- French theatrical release poster
- French: Diaboliquement vôtre
- Directed by: Julien Duvivier
- Screenplay by: Julien Duvivier; Paul Gégauff (uncredited);
- Based on: Manie de la persécution by Louis Thomas
- Starring: Alain Delon; Senta Berger; Peter Mosbacher; Claude Piéplu; Albert Augier; Sergio Fantoni;
- Cinematography: Henri Decaë
- Edited by: Paul Cayatte
- Music by: François de Roubaix
- Production companies: Lira Films; Copernic; Comacico; Societé Nouvelle de Cinématographie (SNC); Igor Film; Eichberg-Film GmbH;
- Distributed by: Valoria Films (France); Columbia-Bavaria (West Germany);
- Release dates: 22 December 1967 (France); 20 August 1968 (West Germany);
- Running time: 95 minutes
- Countries: France; Italy; West Germany;
- Language: French
- Box office: 836,942 admissions (France)

= Diabolically Yours =

1967 film by Julien Duvivier

Diabolically Yours (Diaboliquement vôtre) is a 1967 psychological thriller film starring Alain Delon and Senta Berger. It was the last film by director Julien Duvivier.

==Plot==
Waking from a three-week coma in a private clinic with amnesia, a man is told that he survived a car crash and that he is Georges Campo, a name he does not recognize. A beautiful woman he does not know, who says she is his wife Christiane, takes him to recuperate in a mansion in walled grounds. With her is a doctor, Frédéric Launay, who says he is an old friend from their days in business together in Hong Kong. At the mansion, they are greeted by the half-Chinese butler, Kim, who is offhand with him but has a suspiciously close relationship with Christiane. He is told that he must rest and take copious medication, while Christiane adds that there is no hope of any marital relations until he is fully well.

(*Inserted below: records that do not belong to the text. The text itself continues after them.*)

(* Let $\mathcal I$ be an ideal on $\mathbb N$ which is analytic or coanalytic. Then for any series $\sum_n x_n$ in a Banach space $X$, the set $$A(\mathcal I):=\left\{t \in \{0,1\}^{\mathbb N} \colon \sum_n t(n)x_n \text{ is } \mathcal I\text{-convergent}\right\}$$ is $\lambda$-measurable and $\lambda(A(\mathcal I))$ is either $0$ or $1$. Moreover, if $\sum_n x_n$ is $\mathcal I$-divergent, then $\lambda(A(\mathcal I))=0$.
   Context: $\mathbb N=\{1,2,\dots\}$. An ideal on $\mathbb N$ is a family $\mathcal I\subset\mathcal P(\mathbb N)$ closed under finite unions and subsets, with $\mathbb N\notin\mathcal I$ and containing all finite subsets of $\mathbb N$; via characteristic functions it is regarded as a subset of the Cantor space $\{0,1\}^{\mathbb N}$, and ''analytic''/''coanalytic'' refer to this subset. A sequence $(y_n)$ in a normed space is $\mathcal I$-convergent to $y$ if $\{n:\|y_n-y\|>\varepsilon\}\in\mathcal I$ for every $\varepsilon>0$; a series is $\mathcal I$-convergent if its sequence of partial sums is $\mathcal I$-convergent to some element, and $\mathcal I$-divergent otherwise. $\lambda$ is the product probability measure on $\{0,1\}^{\mathbb N}$ generated by the measure giving mass $1/2$ to each of $0$ and $1$ (the Haar measure on the Cantor group). Banach spaces are over $\mathbb R$. *)

From HB Require Import structures.
From mathcomp Require Import all_boot all_order all_algebra.
From mathcomp Require Import all_classical all_reals all_analysis.
Set Implicit Arguments. Unset Strict Implicit. Unset Printing Implicit Defensive.
Import Order.TTheory GRing.Theory Num.Theory.
Import numFieldNormedType.Exports.
Local Open Scope classical_set_scope.
Local Open Scope ring_scope.
Lemma measurable_decoder_integral w1 w2 :
  measurable_fun setT (fun x => \int[g1 w1]_y1 \int[g2 w1 w2]_y2 (h (x, y1, y2))%:E).
Proof.
apply: (measurable_fun_fubini_tonelli_F
  (fun p : TX * TY1 => \int[g2 w1 w2]_y2 (h (p, y2))%:E)); last first.
  by move=> p; apply: integral_ge0 => y2 _; rewrite lee_fin.
by apply: (measurable_fun_fubini_tonelli_F (fun p => (h p)%:E)) => [|p];
  [exact/measurable_EFinP | rewrite lee_fin].
Qed.

Lemma decoder_integral_ge0 x w1 w2 :
  0 <= \int[g1 w1]_y1 \int[g2 w1 w2]_y2 (h (x, y1, y2))%:E.
Proof. by apply: integral_ge0 => y1 _; apply: integral_ge0 => y2 _; rewrite lee_fin. Qed.

Lemma joint_integrand_ge0 x :
  0 <= \sum_(w1 < M1) \sum_(w2 < K) ((f1 w1 x * f2 w1 w2 x)%:E *
         \int[g1 w1]_y1 \int[g2 w1 w2]_y2 (h (x, y1, y2))%:E).
Proof.
apply: sume_ge0 => w1 _; apply: sume_ge0 => w2 _.
by rewrite mule_ge0 ?decoder_integral_ge0 // lee_fin mulr_ge0.
Qed.

Lemma measurable_joint_integrand :
  measurable_fun setT (fun x => \sum_(w1 < M1) \sum_(w2 < K)
    ((f1 w1 x * f2 w1 w2 x)%:E * \int[g1 w1]_y1 \int[g2 w1 w2]_y2 (h (x, y1, y2))%:E)).
Proof.
apply: emeasurable_sum => w1; apply: emeasurable_sum => w2.
apply: emeasurable_funM; last exact: measurable_decoder_integral.
exact/measurable_EFinP/measurable_funM.
Qed.

End nonnegative_integrand.

Lemma joint_expect_le (h1 h2 : TX * TY1 * TY2 -> R) :
  (forall p, (0 <= h1 p)%R) -> (forall p, (h1 p <= h2 p)%R) ->
  joint_expect h1 <= joint_expect h2.
Proof.
move=> h10 h12; apply: ge0_le_integralT => [x|x]; first exact: (joint_integrand_ge0 h10).
apply: lee_sum => w1 _; apply: lee_sum => w2 _.
rewrite lee_wpmul2l ?lee_fin ?mulr_ge0 //.
apply: ge0_le_integralT => y1; first by apply: integral_ge0 => y2 _; rewrite lee_fin.
by apply: ge0_le_integralT => y2; rewrite lee_fin.
Qed.

Lemma joint_expectD (h1 h2 : TX * TY1 * TY2 -> R) :
  measurable_fun setT h1 -> (forall p, (0 <= h1 p)%R) ->
  measurable_fun setT h2 -> (forall p, (0 <= h2 p)%R) ->
  joint_expect (h1 \+ h2)%R = joint_expect h1 + joint_expect h2.
Proof.
move=> mh1 h10 mh2 h20.
rewrite /joint_expect -ge0_integralD //; last 4 first.
- by move=> x _; exact: (joint_integrand_ge0 h10).
- exact: (measurable_joint_integrand mh1 h10).
- by move=> x _; exact: (joint_integrand_ge0 h20).
- exact: (measurable_joint_integrand mh2 h20).
apply: eq_integral => x _; rewrite -big_split; apply: eq_bigr => w1 _.
rewrite -big_split; apply: eq_bigr => w2 _ /=.
rewrite -ge0_muleDr ?(decoder_integral_ge0 h10) ?(decoder_integral_ge0 h20) //.
congr (_ * _).
rewrite -ge0_integralD //; last 4 first.
- by move=> y1 _; apply: integral_ge0 => y2 _; rewrite lee_fin.
- exact: (measurable_decoder_integral1 mh1 h10).
- by move=> y1 _; apply: integral_ge0 => y2 _; rewrite lee_fin.
- exact: (measurable_decoder_integral1 mh2 h20).
apply: eq_integral => y1 _; rewrite -ge0_integralD //; last 4 first.
- by move=> y2 _; rewrite lee_fin.
- exact/measurable_EFinP/(measurable_fun_pair2 (x, y1)).
- by move=> y2 _; rewrite lee_fin.
- exact/measurable_EFinP/(measurable_fun_pair2 (x, y1)).
Qed.

Lemma joint_expect_fst_le (e : TX * TY1 -> R) (b : R) :
  measurable_fun setT e -> (forall q, (0 <= e q)%R) ->
  (forall y1, \int[PX]_x (e (x, y1))%:E <= b%:E) ->
  joint_expect (fun p => e p.1) <= (M1%:R * b)%:E.
Proof.
move=> me e0 hb.
have G0 w1 x : 0 <= \int[g1 w1]_y1 (e (x, y1))%:E.
  by apply: integral_ge0 => y1 _; rewrite lee_fin.
have mG w1 : measurable_fun setT (fun x => \int[g1 w1]_y1 (e (x, y1))%:E).
  by apply: (measurable_fun_fubini_tonelli_F (fun q => (e q)%:E)) => [|q];
    [exact/measurable_EFinP | rewrite lee_fin].
(* [Y2] is integrated out and the second encoder summed out: both are probability kernels. *)
have marginal x w1 : \sum_(w2 < K) ((f1 w1 x * f2 w1 w2 x)%:E *
    \int[g1 w1]_y1 \int[g2 w1 w2]_y2 (e (x, y1, y2).1)%:E) =
    (f1 w1 x)%:E * \int[g1 w1]_y1 (e (x, y1))%:E.
  transitivity (\sum_(w2 < K) ((f1 w1 x * f2 w1 w2 x)%:E * \int[g1 w1]_y1 (e (x, y1))%:E)).
    apply: eq_bigr => w2 _; congr (_ * _).
    apply: eq_integral => y1 _.
    exact: (integral_cst_probability (g2 w1 w2) (e (x, y1))%:E).
  rewrite -ge0_sume_distrl; last by move=> w2 _; rewrite lee_fin mulr_ge0.
  by rewrite sumEFin -mulr_sumr hf2s mulr1.
apply: (@le_trans _ _ (\int[PX]_x \sum_(w1 < M1) \int[g1 w1]_y1 (e (x, y1))%:E)).
  apply: ge0_le_integralT => x; first exact: (joint_integrand_ge0 (fun p => e0 p.1)).
  apply: lee_sum => w1 _; rewrite marginal -[leRHS]mul1e.
  by rewrite lee_wpmul2r // lee_fin (le1_of_sum1 _ (hf1 ^~ x)).
rewrite ge0_integral_sum //.
apply: (@le_trans _ _ (\sum_(w1 < M1) b%:E)); last first.
  by rewrite sumEFin sumr_const card_ord mulr_natl.
apply: lee_sum => w1 _.
apply: (@ge0_iterated_integral_le _ _ _ _ _ PX (g1 w1) (fun q => (e q)%:E)) => //.
exact/measurable_EFinP.
Qed.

Voices start troubling him at night and he suffers nightmares, in one of which he is a coarse soldier called Pierre Lagrange fighting in Algeria. He discovers that he cannot get out of the grounds, that there is no telephone and that he is a prisoner. He suspects attempts on his life: an unsecured trap door opens under him, a large dog attacks him, and a chandelier falls on him at dinner.

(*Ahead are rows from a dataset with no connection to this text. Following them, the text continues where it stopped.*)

Lemma l1norm_pos_slit_plane (w : C) : slit_plane w -> 0 < l1norm w.
Proof.
  intros Hw. unfold l1norm. pose proof (Rabs_pos (fst w)). pose proof (Rabs_pos (snd w)).
  destruct (Req_dec (snd w) 0) as [Him | Him].
  - pose proof (Hw Him). pose proof (Rle_abs (fst w)). lra.
  - pose proof (Rabs_pos_lt _ Him). lra.
Qed.

Lemma exists_ode_root (nu : R) (w : C) : 0 < nu -> slit_plane w ->
  exists k : C, (nu * (k * k))%C = w /\ 0 < fst k.
Proof.
  intros hnu Hw.
  destruct (exists_sqrt_Re_pos (fst w / nu, snd w / nu)) as [k [Hk Hk0]].
  { simpl. intros H. apply Rdiv_lt_0_compat; [apply Hw | lra].
    apply (Rmult_eq_reg_r (/ nu)); [rewrite Rmult_0_l; exact H | apply Rinv_neq_0_compat; lra]. }
  exists k. split; [| exact Hk0].
  rewrite Hk. apply C_ext; simpl; field; lra.
Qed.

Lemma dirichlet_sol_exists (a nu : R) (w : C) : 0 < a -> 0 < nu -> slit_plane w ->
  exists g, dirichlet_sol a nu w g.
Proof.
  intros ha hnu Hw.
  pose proof (slit_plane_neq_0 w Hw) as Hw0.
  destruct (exists_ode_root nu w hnu Hw) as [k [Hk Hk0]].
  destruct (exp_comb_dirichlet a w k ha Hk0 Hw0) as [c1 [c2 [Hg0 Hga]]].
  exists (exp_comb k (/ w) c1 c2).
  split; [intros; apply continuous_exp_comb |].
  split; [exact Hg0 | split; [exact Hga |]].
  exists (exp_comb k 0 (k * c1) (- k * c2)), (exp_comb k 0 (k * (k * c1)) (- k * (- k * c2))).
  intros z _. split; [apply is_derive_exp_comb |].
  split; [apply is_derive_exp_comb | apply exp_comb_ode; assumption].
Qed.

He realizes he cannot be Georges Campo, because only Christiane and Frédéric claim he is, and that Campo must therefore be dead. While Frédéric is away one night, he forces himself on the not wholly unwilling Christiane and at breakfast tells Frédéric. Enraged at her treachery, he starts beating her, upon which the jealous Kim knifes him. She responds by shooting Kim and then confesses the whole plot. She and Frédéric had killed her husband Georges secretly but then needed a public death so they could marry and take over the Hong Kong business. They got the ex-soldier Pierre Lagrange drunk and crashed the car, but he survived. Then they had further attempts at killing him, which failed. Christiane offers to be a wife and business partner to him if he will carry on as Georges Campo. The police, when called to investigate the two deaths, do not believe him, however.

==Cast==
- Alain Delon as Pierre Lagrange / Georges Campo
- Senta Berger as Christiane
- Peter Mosbacher as Kim
- Claude Piéplu as interior decorator
- Sergio Fantoni as Frédéric Launay

==Production==
Diabolically Yours was based on the novel Manie de la persécution by Louis Thomas. The novel was adapted by Julien Duvivier, Roland Girard, and Jean Bolvary with dialogue written by Paul Gégauff.

==Release==
Diabolically Yours was released in France on 22 December 1967 and in West Germany on 20 August 1968.

==Reception==
The film was a box office failure.

In a contemporary review, the Monthly Film Bulletin stated that "It is a pity that Duvivier's extraordinarily uneven career should have ended with this rather lame thriller." Gene Moskowitz, in his review for Variety, found the film to be a "somewhat oldhat… fairly obvious attempt at a psycho thriller."